Arthur Cormack - Taladh Chriosda (Christ Child's Lullaby)
Taladh Chriosda, or the Christ Child’s Lullaby is a startlingly beautiful hymn from the Outer Hebrides, first transcribed in the 19th century. I first heard it in this arrangement, sung in Scottish Gaelic by Arthur Cormack, on a compilation CD entitled ‘A Celtic Christmas’ released in the 1990s. I was unable to find this version anywhere else on the internet, so I uploaded it. Often brings tears to my eyes, especially when I read the translated lyrics. Absolute banger.
Harald Foss - Draumkvedet
Credit to Adam Ormes for passing me this one. This is a Norwegian song, based on a visionary poem from the late Middle Ages. Recommended especially as a counterweight to all those Heilung clones distorting our perception of Northern European music.
Farya Faraji - The Huron Carol
Farya Faraji is one of my favourite interpreters of traditional folk and early music, with an impressive chronological and geographical breadth represented in his recording catalogue. This is a carol originally composed in the 17th century by Jean Brébeuf, a French-Canadian missionary. The first version was written in the indigenous Wendat language, and subsequently translated into French and English.
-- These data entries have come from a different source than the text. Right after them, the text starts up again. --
(* For all integers $a, b \ge 2$, $R_\mathrm{cyc}(C_a^\mathrm{mon}, C_b^\mathrm{mon}) = 2ab - 3a - 3b + 6$.
   Context: All graphs are finite, simple and undirected, and a graph of order $n$ has vertex set $\{0,1,\ldots,n-1\}$; $K_n$ is the complete graph on $\{0,\ldots,n-1\}$. A $2$-edge-coloring of $K_n$ assigns each edge a color in $\{1,2\}$. An embedding of $H$ in color $j$ is an injective map $\varphi\colon V(H)\to V(K_n)$ such that every edge $uv$ of $H$ goes to an edge $\{\varphi(u),\varphi(v)\}$ of color $j$; it is increasing up to a cyclic permutation if there exists $t\in V(H)$ such that $(\varphi(t),\ldots,\varphi(|H|-1),\varphi(0),\ldots,\varphi(t-1))$ is increasing. $R_\mathrm{cyc}(H_1,H_2)$ is the smallest $n$ such that every $2$-edge-coloring of $K_n$ admits an embedding of $H_1$ in color $1$ or of $H_2$ in color $2$ that is increasing up to a cyclic permutation. For $n\ge3$ the monotone cycle $C_n^\mathrm{mon}$ has edges $\{i,i+1\}$ ($0\le i\le n-2$) and $\{0,n-1\}$; by convention $C_2^\mathrm{mon}=K_2$. *)

(* Graphs of order h have vertex set {0,...,h-1} (as nat),
   given by an edge relation on nat; colorings of K_n are functions on
   pairs of vertices in {0,...,n-1}. *)
From mathcomp Require Import all_boot.
Set Implicit Arguments. Unset Strict Implicit. Unset Printing Implicit Defensive.

Definition two_coloring (n : nat) (c : nat -> nat -> nat) : Prop :=
  forall i j, i < n -> j < n -> i != j ->
    c i j = c j i /\ (c i j = 1 \/ c i j = 2).
(* For every $f\in\mathrm{Sp}(1,\mathbb{R})=\mathrm{SL}(2,\mathbb{R})$, $s(f)=i^{-n(f)}$.
   Context: Let $V=\mathbb{R}^{2}$ with basis $p,q$ and symplectic form $\omega(p,q)=-\omega(q,p)=1$, $\omega(p,p)=\omega(q,q)=0$; $\mathrm{Sp}(1,\mathbb{R})$ is its isometry group; $\lambda_0=\mathrm{span}\{p\}$. A lagrangian is a subspace equal to its own $\omega$-orthogonal. Definition of $s$: for oriented lagrangians $\lambda_1,\lambda_2$ of a real symplectic space, let $\kappa=\lambda_1\cap\lambda_2$. If $\kappa=0$, $\epsilon(\lambda_1,\lambda_2)=\mathrm{sgn}\det(\omega(a_i,b_j))$ for positive bases $(a_i)$ of $\lambda_1$, $(b_j)$ of $\lambda_2$. If $\kappa\neq0$, orient $\kappa$ arbitrarily, orient $\lambda_i/\kappa$ so that a positive basis of $\kappa$ followed by lifts of a positive basis of $\lambda_i/\kappa$ is positive in $\lambda_i$, and set $\epsilon(\lambda_1,\lambda_2)=\epsilon(\lambda_1/\kappa,\lambda_2/\kappa)$ in $\kappa^\perp/\kappa$; if $\lambda_1=\lambda_2$, $\epsilon=1$ if orientations agree and $-1$ otherwise. Put $s(\lambda_1,\lambda_2)=i^{\dim\lambda_1-\dim\kappa}\epsilon(\lambda_1,\lambda_2)$, and $s(f)=s(\lambda_0,f(\lambda_0))$ with $\lambda_0$ arbitrarily oriented and $f(\lambda_0)$ given the image orientation. Definition of $n$: for $f\in\mathrm{Sp}(1,\mathbb{R})$, $\star_f$ is the nonsingular bilinear form on $(f-1)V$ with $a\star_f b=\omega(x,b)$ where $(f-1)x=a$; $\mathrm{sgn}[\det(\star_f)]\in\{\pm1\}$ is the sign of the determinant of its Gram matrix, with value $1$ when $f=\mathrm{Id}$; $\star_{f,\lambda_0}$ is its (symmetric) restriction to $\lambda_0\cap(f-1)V$. Then $n(f)=\mathrm{Signature}(\star_{f,\lambda_0})-\dim((f-1)V)-\mathrm{sgn}[\det(\star_f)]+1$. *)

From HB Require Import structures.
From mathcomp Require Import all_boot all_order all_algebra.
From mathcomp Require Import boolp reals complex.
Set Implicit Arguments. Unset Strict Implicit. Unset Printing Implicit Defensive.
Import Order.TTheory GRing.Theory Num.Theory.
Local Open Scope ring_scope.

(* V = R^2 as row vectors 'rV[R]_2; basis p = (1,0), q = (0,1).
   A linear map f is represented by a matrix A acting on the right: v |-> v *m A. *)
Section Sp1.
Variable R : realType.

Definition vp : 'rV[R]_2 := \row_j (if j == 0 then 1 else 0).
Definition vq : 'rV[R]_2 := \row_j (if j == 0 then 0 else 1).

Definition omega (u v : 'rV[R]_2) : R := u 0 0 * v 0 1 - u 0 1 * v 0 0.

Definition symplectic (A : 'M[R]_2) : Prop :=
  forall u v : 'rV[R]_2, omega (u *m A) (v *m A) = omega u v.

Definition lambda0 : 'M[R]_(1, 2) := vp.

(* s(lambda1, lambda2) for oriented lagrangians of R^2 (lines), the oriented
   line lambda_i being given by a positively oriented basis vector a (resp. b). *)
Definition s_lag (a b : 'rV[R]_2) : R[i] :=
  let k := \rank (a :&: b)%MS in
  let eps : R :=
    if k == 0%N then (* kappa = 0: sign of det (omega(a_i, b_j)) (1x1 matrix) *)
      (sgz (omega a b))%:~R
    else
      (if `[< exists2 c : R, 0 < c & b = c *: a >] then 1 else -1) in
  'i ^+ (1 - k) * (eps%:C)%C.

Definition s_of (A : 'M[R]_2) : R[i] := s_lag vp (vp *m A).

(* (f-1)V is the row space of A - 1. *)
Definition fm1 (A : 'M[R]_2) : 'M[R]_2 := A - 1%:M.

(* a *_f b = omega(x, b) where (f-1)x = a *)
Definition star (A : 'M[R]_2) (a b : 'rV[R]_2) : R :=
  omega (a *m pinvmx (fm1 A)) b.

Definition star_gram (A : 'M[R]_2) : 'M[R]_(\rank (fm1 A)) :=
  \matrix_(i, j) star A (row i (row_base (fm1 A))) (row j (row_base (fm1 A))).

(* sign of the determinant (the determinant of the empty Gram matrix is 1,
   so the value is 1 when f = Id, as required) *)
Definition sgn_det_star (A : 'M[R]_2) : int := sgz (\det (star_gram A)).

Definition pos_index (b : 'rV[R]_2 -> 'rV[R]_2 -> R) (U : 'M[R]_2) : nat :=
  \max_(k < 3 | `[< exists S : 'M[R]_2, [/\ (S <= U)%MS, \rank S = k :> nat &
       forall v : 'rV[R]_2, (v <= S)%MS -> v != 0 -> 0 < b v v] >]) k.

Definition signature (b : 'rV[R]_2 -> 'rV[R]_2 -> R) (U : 'M[R]_2) : int :=
  (pos_index b U)%:Z - (pos_index (fun u v => - b u v) U)%:Z.

Definition n_of (A : 'M[R]_2) : int :=
  signature (star A) (lambda0 :&: fm1 A)%MS - (\rank (fm1 A))%:Z
  - sgn_det_star A + 1.

End Sp1.

From HB Require Import structures.
From mathcomp Require Import all_boot all_order all_algebra.
From mathcomp Require Import boolp reals complex.
From mathcomp Require Import ring zify.

Set Implicit Arguments.
Unset Strict Implicit.
Unset Printing Implicit Defensive.
Import Order.TTheory GRing.Theory Num.Theory.
Local Open Scope ring_scope.

(* Write A = [[a, b], [c, d]], whose rows are f(p) and f(q); then ad - bc = 1, and f fixes
   lambda_0 iff b = 0.  Directly, s(f) = i sgn b if b <> 0 and s(f) = sgn a if b = 0.
   For n(f), the form *_f is computed on preimages: a *_f v = omega(x, v) whenever
   x (A - 1) = a, since vectors fixed by A are omega-orthogonal to the image of A - 1.
   If D = det (A - 1) = 2 - a - d is nonzero, *_f on lambda_0 has sign sgn (b / D) and its
   Gram determinant has sign sgn D; if D = 0, (A - 1)V is a line or zero and both terms
   reduce to one value of omega.  Comparing exponents of i modulo 4, using D a = -(a - 1)^2
   when b = 0, gives s(f) = i^(-n(f)). *)

Lemma ord2P (j : 'I_2) : j = 0 \/ j = 1.
Proof. by case: j => [[|[|k]] Hk]; [left|right|]; try apply: val_inj. Qed.

Lemma expCi_eqmod4 (C : numClosedFieldType) (k m : int) :
  (k = m %[mod 4])%Z -> 'i ^ k = 'i ^ m :> C.
Proof.
have i4 : 'i ^ 4 = 1 :> C by rewrite -exprnP (exprM _ 2 2) sqrCi expr2 mulN1r opprK.
have i4q q : 'i ^ (q * 4) = 1 :> C by rewrite mulrC -exprz_exp i4 exp1rz.
move=> km; rewrite (divz_eq k 4) (divz_eq m 4) km.
by rewrite !expfzDr ?neq0Ci // !i4q !mul1r.
Qed.

Section TwoByTwo.
Variable F : fieldType.

Lemma mulmx2E m n (U : 'M[F]_(m, 2)) (V : 'M[F]_(2, n)) i j :
  (U *m V) i j = U i 0 * V 0 j + U i 1 * V 1 j.
Proof.
by rewrite mxE !big_ord_recl big_ord0 addr0; congr (_ + U i _ * V _ j); apply: val_inj.
Qed.

Lemma det_mx22 (N : 'M[F]_2) : \det N = N 0 0 * N 1 1 - N 0 1 * N 1 0.
Proof.
rewrite (expand_det_row _ 0) !big_ord_recl big_ord0 addr0 /cofactor !det_mx11 !mxE /=.
have -> : lift 0 (0 : 'I_1) = 1 :> 'I_2 by apply: val_inj.
have -> : lift 1 (0 : 'I_1) = 0 :> 'I_2 by apply: val_inj.
rewrite /bump /= expr0 expr1; ring.
Qed.

Lemma mxrank2_singular (N : 'M[F]_2) : \det N = 0 -> N != 0 -> \rank N = 1%N.
Proof.
move=> detN0 N0; have rk_le2 := rank_leq_col N; rewrite -mxrank_eq0 in N0.
have : \rank N != 2%N.
  apply/eqP => rk2; have : N \in unitmx by rewrite -row_free_unit /row_free rk2.
  by rewrite unitmxE unitfE detN0 eqxx.
by move: N0 rk_le2; lia.
Qed.

Lemma capmx_rV_rank0 n m (u : 'rV[F]_n) (V : 'M[F]_(m, n)) :
  ~~ (u <= V)%MS -> \rank (u :&: V)%MS = 0%N.
Proof.
move=> uV; have := mxrank_leqif_eq (capmxSl u V).
have -> : (u :&: V == u)%MS = false.
  by apply: contraNF uV => /andP[_ /submx_trans]; apply; apply: capmxSr.
by move/ltn_leqif; have := rank_leq_row u; lia.
Qed.

Lemma rank1_sub_rV n m (w : 'rV[F]_n) (V : 'M[F]_(m, n)) :
  \rank V = 1%N -> (w <= V)%MS -> w != 0 -> (V <= w)%MS.
Proof.
move=> rkV wV w0; have := mxrank_leqif_eq wV.
case E: (w == V)%MS; first by case/andP: E.
by move/ltn_leqif; rewrite rkV rank_rV w0.
Qed.

End TwoByTwo.

Section Signature.
Variable R : realType.
Implicit Types (b : 'rV[R]_2 -> 'rV[R]_2 -> R) (U : 'M[R]_2).

Lemma sgzV (x : R) : sgz x^-1 = sgz x.
Proof. by rewrite -sgz_sgr sgrV sgz_sgr. Qed.

Lemma sgz_sqrM (x y : R) : x != 0 -> sgz (x ^+ 2 * y) = sgz y.
Proof. by move=> x0; rewrite sgzM gtr0_sgz ?mul1r // exprn_even_gt0. Qed.

Lemma sgz_pm1 (x : R) : x != 0 -> sgz x = 1 \/ sgz x = -1.
Proof.
move=> x0; have [x_gt0|x_lt0|x_eq0] := ltgtP 0 x.
- by left; apply: gtr0_sgz.
- by right; apply: ltr0_sgz.
- by rewrite -x_eq0 eqxx in x0.
Qed.

Lemma signature_rank0 b U : \rank U = 0%N -> signature b U = 0.
Proof.
have pos_index0 b' : \rank U = 0%N -> pos_index b' U = 0%N.
  move=> rkU; apply/eqP; rewrite -leqn0; apply/bigmax_leqP => k /asboolP[S [SU <- _]].
  by have := mxrankS SU; rewrite rkU.
by move=> rkU; rewrite /signature !pos_index0.
Qed.

Section Line.
Variables (v : 'rV[R]_2) (U : 'M[R]_2).
Hypotheses (v0 : v != 0) (Uv : (U == v)%MS).

Lemma pos_index_line b : (forall t, b (t *: v) (t *: v) = t ^+ 2 * b v v) ->
  pos_index b U = (0 < b v v).
Proof.
move=> bZ; have rkU : \rank U = 1%N by rewrite (eqmx_rank Uv) rank_rV v0.
have vU : (v <= U)%MS by case/andP: Uv.
apply/eqP; rewrite eqn_leq; apply/andP; split.
  apply/bigmax_leqP => k /asboolP[S [SU <- bS]].
  have := mxrank_leqif_eq SU; case E: (S == U)%MS.
    by move=> _; rewrite (eqmx_rank E) rkU (bS v (submx_trans vU (proj2 (andP E))) v0).
  by move/ltn_leqif; rewrite rkU; case: (\rank S).
have [bv_gt0|] := boolP (0 < b v v); last by [].
apply: (@leq_bigmax_cond _ _ (fun k : 'I_3 => nat_of_ord k) (1 : 'I_3)).
apply/asboolP; exists U; split=> [||u uU u0]; rewrite ?submx_refl ?rkU //.
have /sub_rVP[t ut] := submx_trans uU (proj1 (andP Uv)).
have t0 : t != 0 by apply: contraNneq u0 => t0; rewrite ut t0 scale0r.
by rewrite ut bZ mulr_gt0 // exprn_even_gt0.
Qed.

Lemma signature_line b : (forall t, b (t *: v) (t *: v) = t ^+ 2 * b v v) ->
  signature b U = sgz (b v v).
Proof.
move=> bZ; rewrite /signature (pos_index_line bZ) (@pos_index_line (fun u w => - b u w)).
  2: by move=> t; rewrite bZ mulrN.
have [bv|bv|<-] := ltgtP 0 (b v v).
- by rewrite gtr0_sgz // oppr_gt0 ltNge (ltW bv).
- by rewrite ltr0_sgz // oppr_gt0 bv.
- by rewrite oppr0 ltxx sgz0.
Qed.

End Line.
End Signature.

Section Omega.
Variable R : realType.
Implicit Types (u v w : 'rV[R]_2) (t : R).

Lemma omegaBl u w v : omega (u - w) v = omega u v - omega w v.
Proof. by rewrite /omega !mxE; ring. Qed.

Lemma omegaBr u v w : omega u (v - w) = omega u v - omega u w.
Proof. by rewrite /omega !mxE; ring. Qed.

Lemma omegaZl t u v : omega (t *: u) v = t * omega u v.
Proof. by rewrite /omega !mxE; ring. Qed.

Lemma omegaZr t u v : omega u (t *: v) = t * omega u v.
Proof. by rewrite /omega !mxE; ring. Qed.

End Omega.

Section Symplectic.
Variables (R : realType) (A : 'M[R]_2).
Hypothesis sympA : symplectic A.

Local Notation p := (vp R).
Local Notation q := (vq R).
Local Notation M := (fm1 A).
Local Notation a := (A 0 0).
Local Notation b := (A 0 1).
Local Notation c := (A 1 0).
Local Notation d := (A 1 1).

Lemma vpE j : p 0 j = (j == 0)%:R.
Proof. by rewrite mxE; case: (j == 0). Qed.

Lemma vp_neq0 : p != 0.
Proof. by apply/eqP => /rowP /(_ 0); rewrite vpE mxE /= => /eqP; rewrite oner_eq0. Qed.

Lemma vpM j : (p *m A) 0 j = A 0 j.
Proof. by rewrite mulmx2E !vpE /= mul1r mul0r addr0. Qed.

Lemma fm1E i j : M i j = A i j - (i == j)%:R.
Proof. by rewrite !mxE. Qed.

Lemma det_symplectic : a * d - b * c = 1.
Proof.
have := sympA p q.
by rewrite /omega !mulmx2E !mxE /= !(mul1r, mul0r, add0r, addr0, subr0, mulr1).
Qed.

Lemma det_fm1 : \det M = 2 - a - d.
Proof.
rewrite det_mx22 !fm1E /=.
transitivity (a * d - b * c + 1 - a - d); first ring.
by rewrite det_symplectic; ring.
Qed.

Lemma det_fm1_stable : b = 0 -> \det M * a = - (a - 1) ^+ 2.
Proof.
move=> b0; rewrite det_fm1.
transitivity (- (a - 1) ^+ 2 - (a * d - b * c - 1) - b * c); first ring.
by rewrite det_symplectic b0 subrr subr0 mul0r subr0.
Qed.

Lemma stable_a_neq0 : b = 0 -> a != 0.
Proof.
by move=> b0; apply: contra_eq_neq det_symplectic => ->; rewrite b0 !mul0r subr0 eq_sym oner_neq0.
Qed.

Lemma stable_vpM : b = 0 -> p *m A = a *: p.
Proof.
by move=> b0; apply/rowP => j; rewrite vpM mxE vpE; case: (ord2P j) => ->; rewrite /= ?mulr1 ?mulr0.
Qed.

Lemma rank_cap_lambda0 : \rank (p :&: p *m A)%MS = (b == 0) :> nat.
Proof.
have [b0|b0] := eqVneq b 0.
  rewrite stable_vpM // (capmx_idPl _) ?rank_rV ?vp_neq0 //.
  by rewrite (eqmx_scale _ (stable_a_neq0 b0)).
apply: capmx_rV_rank0; apply: contra b0 => /sub_rVP[t pt].
have := congr1 (fun u : 'rV[R]_2 => u 0 0) pt; have := congr1 (fun u : 'rV[R]_2 => u 0 1) pt.
rewrite /= ![p 0 _]mxE ![(t *: _ : 'rV_2) 0 _]mxE !vpM /= => /esym/eqP.
rewrite mulf_eq0 => /orP[/eqP t0|//].
by rewrite t0 mul0r => /eqP; rewrite oner_eq0.
Qed.

Lemma s_ofE : s_of A = 'i ^ (if b != 0 then sgz b else 1 - sgz a).
Proof.
rewrite /s_of /s_lag rank_cap_lambda0; have [b0|b0] := eqVneq b 0 => /=.
  rewrite expr0 mul1r stable_vpM //.
  have [a_gt0|a_lt0|a0] := ltgtP 0 a; last by move: (stable_a_neq0 b0); rewrite -a0 eqxx.
    case: asboolP => [_|[]]; last by exists a.
    by rewrite gtr0_sgz // subrr.
  case: asboolP => [[t t_gt0 /rowP /(_ 0)]|_].
    by rewrite !mxE /= !mulr1 => ta; move: t_gt0; rewrite -ta ltNge ltW.
  by rewrite ltr0_sgz // (_ : 1 - -1 = 2%:Z) // -exprnP sqrCi rmorphN1.
rewrite expr1 /omega !vpE vpM /= mul1r mul0r subr0 rmorph_int.
by case: (sgz_pm1 b0) => ->; rewrite ?mulr1 // mulrN1 exprN1 invCi.
Qed.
Type O Negative - Red Water (Christmas Mourning)
Here’s one for all you headbangers. One of the most infuriating things about modern pop music is the way it so often displays an obstinate refusal to deal with the reality of death. Christmas, as a midwinter festival (for the northern hemisphere) characterised by family gatherings, can be a particularly potent time to reflect on those we have lost. This song, based on singer Pete Steele’s own experiences of bereavement, is a frank and honest expression of grief at Christmas.
Andrew Lawrence-King, the Utopia Chamber Choir - Gaudete
While Alan Partridge might prefer the charmingly nasal Steeleye Span verison (“listen to this, it will blow your socks off”), I would still choose this percussive arrangement from Andrew Lawrence-King and the Utopia Chamber Choir. This is the first English carol we’ve had on this list, but not, in my opinion, the best; that title goes to…
King’s College Choir - The Coventry Carol
The Coventry Carol has a particularly personal significance for me, as we sang it at my brother’s funeral, about a month before this recording was made. The Carol incorporates an interesting bit of dissonance popular in Tudor music, as described by Howard Goodall, known as ‘false relations’, where the seventh-note of the scale is sharpened on an ascending melody and flattened on a descending, causing a clash when the two harmonic lines are combined.
What are your favourite Christmas Bangers? Leave a comment to let me know.
I didn’t, although the first version I heard this year had the altered lyrics “last Christmas, I gave you my kidney / but the very next day, you sold it on eBay”, which at least made for some initial novelty.
I'm glad I didn't listen to this till after Christmas, on a dark, rainy, windy day - most of these while beautiful are also sad or mournful. They put me in mind of how I am an orphan in my family, as the four people I knew from birth are all dead, as is my husband. This I never suspected would be, though some wise soul from one of the old cultures represented here would have laughed at me and said, "what did you think would happen, you being the youngest?" But the Scots Gaelic tune is my favourite, since I can imagine ancestors singing something like it.